| Supplied material |
Lemma universal_step_universal (b : option T) (V : T -> pset K) :
  (forall t, olt lt (Some t) b -> universal_for (Some t) (V t)) ->
  universal_for b (universal_step V).
Proof.
  intros HV A HA.
  assert (i01 := iota_neq 0 1 ltac:(discriminate)).
  assert (i02 := iota_neq 0 2 ltac:(discriminate)).
  assert (i12 := iota_neq 1 2 ltac:(discriminate)).
  destruct (Sigma_cases K (iota 0) lt b A HA)
    as [[i [j Hij]]|[(t & F & tb & HF & HAF)|(t & F & tb & HF & HAF)]].
  - destruct (code_exists (fun _ x => x) (iota 0) i j) as (xi & _ & E0 & E1 & E2).
    exists xi. intros eta. rewrite Hij. unfold universal_step; simpl.
    rewrite E0, E1, E2. split; [auto|].
    intros [[_ H]|[[H _]|[H _]]]; [exact H|congruence|congruence].
  - destruct (codes_of_family t (V t) F (HV t tb) HF) as [zeta Hzeta].
    destruct (code_exists zeta (iota 1) (e t) (e t)) as (xi & Exi & E0 & E1 & _).
    exists xi. intros eta. rewrite HAF. unfold universal_step; simpl.
    rewrite E0, E1. split.
    + intros [k Hk]. right; left. split; [reflexivity|]. exists t. split; [reflexivity|].
      exists k. rewrite Exi. apply Hzeta. exact Hk.
    + intros [[H _]|[[_ (t' & Et & k & Hk)]|[H _]]]; [congruence| |congruence].
      apply e_inj in Et. subst t'. rewrite Exi in Hk. exists k. apply Hzeta. exact Hk.
  - destruct (codes_of_family t (V t) F (HV t tb) HF) as [zeta Hzeta].
    destruct (code_exists zeta (iota 2) (e t) (e t)) as (xi & Exi & E0 & E1 & _).
    exists xi. intros eta. rewrite HAF. unfold universal_step; simpl.
    rewrite E0, E1. split.
    + intros Hk. right; right. split; [reflexivity|]. exists t. split; [reflexivity|].
      intros k. rewrite Exi. apply Hzeta, Hk.
    + intros [[H _]|[[H _]|[_ (t' & Et & Hk)]]]; [congruence|congruence|].
      apply e_inj in Et. subst t'. intros k. apply Hzeta. rewrite <- Exi. apply Hk.
Qed.

Theorem exists_universal_BorelP (b : option T) :
  exists U, BorelP K U /\ universal_for b U.
Proof.
  induction b as [b IH] using (well_founded_induction (olt_wf lt lt_wf)).
  destruct (choice_on (fun _ => False) (fun _ : T => True)
    (fun t V => BorelP K V /\ (olt lt (Some t) b -> universal_for (Some t) V))) as [V HV].
  { intros t _. destruct (classic (olt lt (Some t) b)) as [tb|tb].
    - destruct (IH (Some t) tb) as [U [BU HU]]. exists U. auto.
    - exists (fun _ => False). split; [apply BP_empty; auto|intros H; contradiction]. }
  exists (universal_step V). split.
  - apply BorelP_universal_step. intros t. exact (proj1 (HV t I)).
  - apply universal_step_universal. intros t tb. exact (proj2 (HV t I) tb).
Qed.

End Universal.

Theorem lemma3p16 (K : Type) (HK : regular K)
  (T : Type) (lt : T -> T -> Prop) (Hwo : well_order lt) (HT : card_le T K) :
  exists R : (K -> K) * (K -> K) -> Prop,
    BorelP K R /\
    forall A : (K -> K) -> Prop, Sigma K lt None A ->
      exists xi : K -> K, forall eta : K -> K, A eta <-> R (eta, xi).
Proof.
  (* only the infinitude of K is used, not its regularity *)
  destruct HK as [[iota iota_inj] _].
  destruct (card_le_prod_self K iota iota_inj) as [psi psi_inj].
  destruct HT as [e e_inj].
  destruct Hwo as (_ & _ & _ & lt_wf).
  exact (exists_universal_BorelP K iota psi iota_inj psi_inj T lt e lt_wf e_inj None).
Qed.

| About this task |
Take the line that contains "exact (exists_universal_BorelP K" and each line after it through the end of the records, and repeat them all exactly. Nothing else.

| Completed exercise |
  exact (exists_universal_BorelP K iota psi iota_inj psi_inj T lt e lt_wf e_inj None).
Qed.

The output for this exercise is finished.